作者:强力粘鼠板
看见历遍酷刑而不被催折一分一毫的萧蒙在他面前低眉顺目,心情顿时大好,终于夙愿得偿将这块硬骨头踩在脚下了。
若不是他现在不能开口说话,他真想叫萧蒙在他面前行跪拜之礼,一定比现在更为痛快。
两人的距离已经够近了,乐湛还要上前一步,瞧瞧他脸上是个什么神情。
“爱妃,”李修宜沉声开口,偏偏面上又含着点似有若无的笑,“又在瞧什么呢?”
乐湛刚才还跃跃欲试的坏心思顿时一盆水泼下去,收敛干净。
他摇摇头,快步跟上去,跑到李修宜身边。
李修宜面上不显,捏着他的手故意重了些力道,乐湛被抓疼了,藏在大袖底下要去扒开他的手。

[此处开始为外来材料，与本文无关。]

Lemma smooth_opp d L (g : vec d -> vec d) :
  smooth L g -> smooth L (fun x => vscale (-1) (g x)).
Proof.
move=> smooth_g x y.
have -> : vsub (vscale (-1) (g x)) (vscale (-1) (g y)) = vscale (-1) (vsub (g x) (g y)).
  by apply: functional_extensionality => k; rewrite /vsub /vscale; ring.
by rewrite norm_scale Rabs_Ropp Rabs_R1 Rmult_1_l.
Qed.

Lemma smooth_taylor d L (f : vec d -> R) g x y : 0 < L -> has_gradient f g -> smooth L g ->
  Rabs (f y - f x - dot (g x) (vsub y x)) <= L / 2 * norm2 (vsub y x).
Proof.
move=> L0 grad_f smooth_g; apply: Rabs_le; split; last exact: smooth_upper_bound.
have := smooth_upper_bound L0 (has_gradient_opp grad_f) (smooth_opp smooth_g) x y.
by rewrite dot_scalel; lra.
Qed.

Lemma dot_gavg d n (gs : nat -> vec d -> vec d) x v :
  dot (gavg n gs x) v = / INR n * \rsum_(i < n) dot (gs i x) v.
Proof.
rewrite /dot /gavg; transitivity (/ INR n * \rsum_(k < d) \rsum_(i < n) (gs i x k * v k)).
  by rewrite -rsumZ; apply: eq_bigr => k _; rewrite Rmult_assoc rsumZr.
by rewrite exchange_rsum.
Qed.

Lemma favg_taylor d n L (fs : nat -> vec d -> R) gs x y : (0 < n)%N -> 0 < L ->
  (forall i, (i < n)%N -> has_gradient (fs i) (gs i)) ->
  (forall i, (i < n)%N -> smooth L (gs i)) ->
  Rabs (favg n fs y - favg n fs x - dot (gavg n gs x) (vsub y x)) <= L / 2 * norm2 (vsub y x).
Proof.
move=> n0 L0 grad_fs smooth_gs; have n0' : 0 < INR n by apply/lt_0_INR/ltP.
rewrite /favg dot_gavg -!Rmult_minus_distr_l -!rsumB Rabs_mult Rabs_pos_eq; last first.
  exact/Rlt_le/Rinv_0_lt_compat.
apply: (Rle_trans _ (/ INR n * \rsum_(i < n) (L / 2 * norm2 (vsub y x)))); last first.
  by rewrite rsum_const card_ord; right; field; lra.
apply: Rmult_le_compat_l; first exact/Rlt_le/Rinv_0_lt_compat.
apply: Rle_trans (Rabs_rsum_le _) _; apply: ler_rsum => i.
exact: smooth_taylor L0 (grad_fs i (ltn_ord i)) (smooth_gs i (ltn_ord i)).
Qed.

(** * Existence of the proximal point *)

Lemma inv_succ_eventually_lt e : 0 < e ->
  exists N : nat, forall k, (N <= k)%coq_nat -> / (INR k + 1) < e.
Proof.
move=> e0; have [N [HN N0]] := archimed_cor1 e e0; exists N => k Nk.
apply: Rle_lt_trans HN; apply: Rinv_le_contravar; first exact: lt_0_INR.
by have := le_INR _ _ Nk; lra.
Qed.

Lemma CV_const c : Un_cv (fun _ => c) c.
Proof. by move=> e e0; exists 0%nat => k _; rewrite /Rdist Rminus_diag Rabs_R0. Qed.

Lemma CV_rsum (I : finType) (F : I -> nat -> R) (l : I -> R) :
  (forall i, Un_cv (F i) (l i)) -> Un_cv (fun k => \rsum_(i : I) F i k) (\rsum_(i : I) l i).
Proof.
move=> HF; elim: (index_enum I) => [|i s IH].
  rewrite big_nil; apply: (Un_cv_ext (fun _ => 0)); last exact: CV_const.
  by move=> k; rewrite big_nil.
by rewrite big_cons; apply: (Un_cv_ext (fun k => F i k + \big[Rplus/R0]_(j <- s) F j k));
  [move=> k; rewrite big_cons | exact: CV_plus].
Qed.

Section VectorSequences.
Variables (d : nat) (Z : nat -> vec d).

Lemma vec_cauchy_cv :
  (forall e, 0 < e -> exists N, forall j k, (N <= j)%coq_nat -> (N <= k)%coq_nat ->
     norm2 (vsub (Z j) (Z k)) < e) ->
  exists y : vec d, forall i, Un_cv (fun k => Z k i) (y i).
Proof.
move=> cauchy; have coord_cauchy : forall i, Cauchy_crit (fun k => Z k i).
  move=> i e e0; have [N HN] := cauchy (e * e) ltac:(nra).
  exists N => j k Nj Nk; rewrite /Rdist -(Rabs_pos_eq e); last lra.
  apply: Rsqr_lt_abs_0.
  have := coord_sqr_le_norm2 (vsub (Z j) (Z k)) i.
  by have := HN j k Nj Nk; rewrite /Rsqr /vsub; lra.
by exists (fun i => proj1_sig (R_complete _ (coord_cauchy i))) => i; case: R_complete.
Qed.

Lemma cv_norm2_sub y u : (forall i, Un_cv (fun k => Z k i) (y i)) ->
  Un_cv (fun k => norm2 (vsub (Z k) u)) (norm2 (vsub y u)).
Proof.
move=> Zy; apply: (@CV_rsum 'I_d (fun i k => vsub (Z k) u i * vsub (Z k) u i)
  (fun i => vsub y u i * vsub y u i)) => i.
by apply: CV_mult; apply: CV_minus => //; exact: CV_const.
Qed.

End VectorSequences.

Section ProxExistence.
Variables (d : nat) (h : vec d -> ext).
Hypothesis h_proper : proper_fn h.
Hypothesis h_lsc : lsc h.
Hypothesis h_convex : convex_ext h.

Lemma convex_lsc_minorant :
  exists y0 a K, 0 <= K /\ forall z c, h z = Some c -> a - K * norm (vsub z y0) <= c.
Proof.
have [y0] := h_proper; case E0: (h y0) => [a0|] // _.
have [del [del0 Hdel]] := @h_lsc y0 (a0 - 1) ltac:(rewrite E0 /=; lra).
exists y0, (a0 - 1), (2 / del); split=> [|z c Hz]; first by apply/Rlt_le/Rdiv_lt_0_compat; lra.
set N := norm (vsub z y0); have N0 : 0 <= N := norm_ge0 _.
have KN0 : 0 <= 2 / del * N by apply: Rmult_le_pos => //; apply/Rlt_le/Rdiv_lt_0_compat; lra.
case: (Rlt_le_dec N del) => [/Hdel|delN]; first by rewrite Hz /=; lra.
(* Far from [y0], convexity transfers the bound at the point of [[y0, z]] at
   distance [del / 2] from [y0] to [z]. *)
set t := del / (2 * N).
have t0 : 0 < t by apply: Rdiv_lt_0_compat; lra.
have t1 : t <= 1 by rewrite /t; apply/(Rmult_le_reg_r (2 * N)); [lra | field_simplify; lra].
have [v [Hv v_le]] := h_convex Hz E0 (conj (Rlt_le _ _ t0) t1).
have near : norm (vsub (vadd (vscale t z) (vscale (1 - t) y0)) y0) < del.
  have -> : vsub (vadd (vscale t z) (vscale (1 - t) y0)) y0 = vscale t (vsub z y0).
    by apply: functional_extensionality => k; rewrite /vsub /vadd /vscale; ring.
  rewrite norm_scale Rabs_pos_eq; last lra.
  rewrite -/N /t; have -> : del / (2 * N) * N = del / 2 by field; lra.
  lra.
have := Hdel _ near; rewrite Hv /= => a0v.
have : a0 - / t < c.
  apply: (Rmult_lt_reg_l t) => //.
  have -> : t * (a0 - / t) = t * a0 - 1 by field; lra.
  lra.
have -> : / t = 2 / del * N by rewrite /t; field; lra.
lra.
Qed.

Lemma lsc_eventually_gt (Z : nat -> vec d) y a :
  Un_cv (fun k => norm2 (vsub (Z k) y)) 0 -> lt_ext a (h y) ->
  exists N, forall k, (N <= k)%coq_nat -> lt_ext a (h (Z k)).
Proof.
move=> Zy ay; have [del [del0 Hdel]] := @h_lsc y a ay.
have [N HN] := Zy (del * del) ltac:(nra); exists N => k /HN.
rewrite /Rdist Rminus_0_r Rabs_pos_eq; last exact: norm2_ge0.
by move=> /(norm_lt_of_norm2 del0) /Hdel.
Qed.

Variables (eta : R) (u : vec d).
Hypothesis eta0 : 0 < eta.

Let q (w : vec d) := norm2 (vsub w u) / (2 * eta).

Lemma prox_obj_convex_comb t y z : q (vadd (vscale t z) (vscale (1 - t) y))
   = t * q z + (1 - t) * q y - t * (1 - t) * (norm2 (vsub z y) / (2 * eta)).
Proof. by rewrite /q norm2_convex_comb; field; lra. Qed.

Lemma prox_obj_bounded_below : exists M, forall z c, h z = Some c -> M <= c + q z.
Proof.
have [y0 [a [K [K0 minor]]]] := convex_lsc_minorant.
set P := norm2 (vsub u y0).
exists (a - eta * K * K - P / (2 * eta)) => z c /minor.
set N := norm (vsub z y0) => aKN.
have N2 : N * N <= 2 * norm2 (vsub z u) + 2 * P.
  by have := norm2_sub_young z y0 u Rlt_0_1; rewrite Rinv_1 /N norm_sqr -/P; lra.
have KN : K * N <= N * N / (4 * eta) + eta * K * K.
  apply: (Rmult_le_reg_l (4 * eta)); first lra.
  have -> : 4 * eta * (N * N / (4 * eta) + eta * K * K) = N * N + 4 * eta * eta * K * K.
    by field; lra.
  have sq := Rle_0_sqr (N - 2 * eta * K); rewrite /Rsqr in sq; nra.
have : N * N / (4 * eta) <= q z + P / (2 * eta).
  apply: (Rmult_le_reg_l (4 * eta)); first lra.
  have -> : 4 * eta * (q z + P / (2 * eta)) = 2 * norm2 (vsub z u) + 2 * P.
    by rewrite /q; field; lra.
  by have -> : 4 * eta * (N * N / (4 * eta)) = N * N by field; lra.
lra.
Qed.

Lemma prox_obj_inf : exists m, (forall z c, h z = Some c -> m <= c + q z) /\
  forall e, 0 < e -> exists z c, h z = Some c /\ c + q z < m + e.
Proof.
have [M HM] := prox_obj_bounded_below.
have [y0] := h_proper; case E0: (h y0) => [a0|] // _.
pose E r := exists z c, h z = Some c /\ r = - (c + q z).
have [l [l_ub l_lub]] : {l | is_lub E l}.
  apply: completeness; last by exists (- (a0 + q y0)), y0, a0.
  by exists (- M) => r [z [c [/HM Hz ->]]]; lra.
exists (- l); split=> [z c Hz|e e0].
  by have := l_ub (- (c + q z)) (ex_intro _ z (ex_intro _ c (conj Hz erefl))); lra.
apply: NNPP => far.
suff /l_lub : is_upper_bound E (l - e) by lra.
move=> r [z [c [Hz ->]]]; apply: Rnot_lt_le => lt_r.
by apply: far; exists z, c; split=> //; lra.
Qed.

他吃痛抬头,隔着摇晃的珠影,就看见李修宜含着笑眼却又冷然的脸,“好看吗?”
第55章 狐媚:拈花惹草被抓现行这档事
乐湛被拽着走了一路,表面上看着是两个人并肩而行,实际上大袖里的手腕要被人捏碎了。
他尝试抽回手反而被捏得更紧了。
蹙眉抬眸一眼看向李修宜,得了一个警告的眼神,乐湛不由心下憋闷,又没来得及对萧蒙做什么,至于这么着急护着他的人吗?
皇帝要入正殿受百官参拜,给乐湛委派了两个心腹宫人,半是伺候半是监视,允了他去南郊草场放放风。
屏退了下人,李修宜贴近了乐湛的侧脸,隔着冰冷的珠玉耳鬓厮磨,“朕现在没时间处置你,回去想想清楚,你现在是什么身份,什么是你该做的。”
乐湛刚要挣出手,立马被牢牢按下,“我还没做什么,陛下这么着急兴师问罪,未免对我太苛刻了。”
“你还想做什么?”李修宜气极反笑。
“我做什么?”乐湛只觉得莫名其妙,“我什么都没想做!你这都不是欲加之罪了,这就开始纯栽赃了,不过看了萧蒙一眼,还能剜下他一块肉不成?”
又要开口骂李修宜对他的狗真是不一般的好,忽然想起从前这么辱骂季怀被扇了一巴掌,险些脱口而出的话立马刹住,抬眼瞪着他的眼神又多了几分从前的怨气。
兴许是上了妆的缘故,咬着的腮凝着一层薄粉的嗔意,秀眉微蹙,抬眸似恼还娇,本就没什么威慑力的长相因着面上的桃花含露妆,更显精致可爱,连那张脸上闪过一丝不自然的心虚都透着白狐似的纯真狡黠。
李修宜:“……”
盯了一会儿,忽然就不气了,附耳说了一句,“别玩太累,夜里等传召,留点精力。”
乐湛先是愣了一下,下一刻愤愤抽出手,没想到李修宜先一步松了手,一用力就被珠璎甩了一脸,痛得捂住被砸到的眼睛。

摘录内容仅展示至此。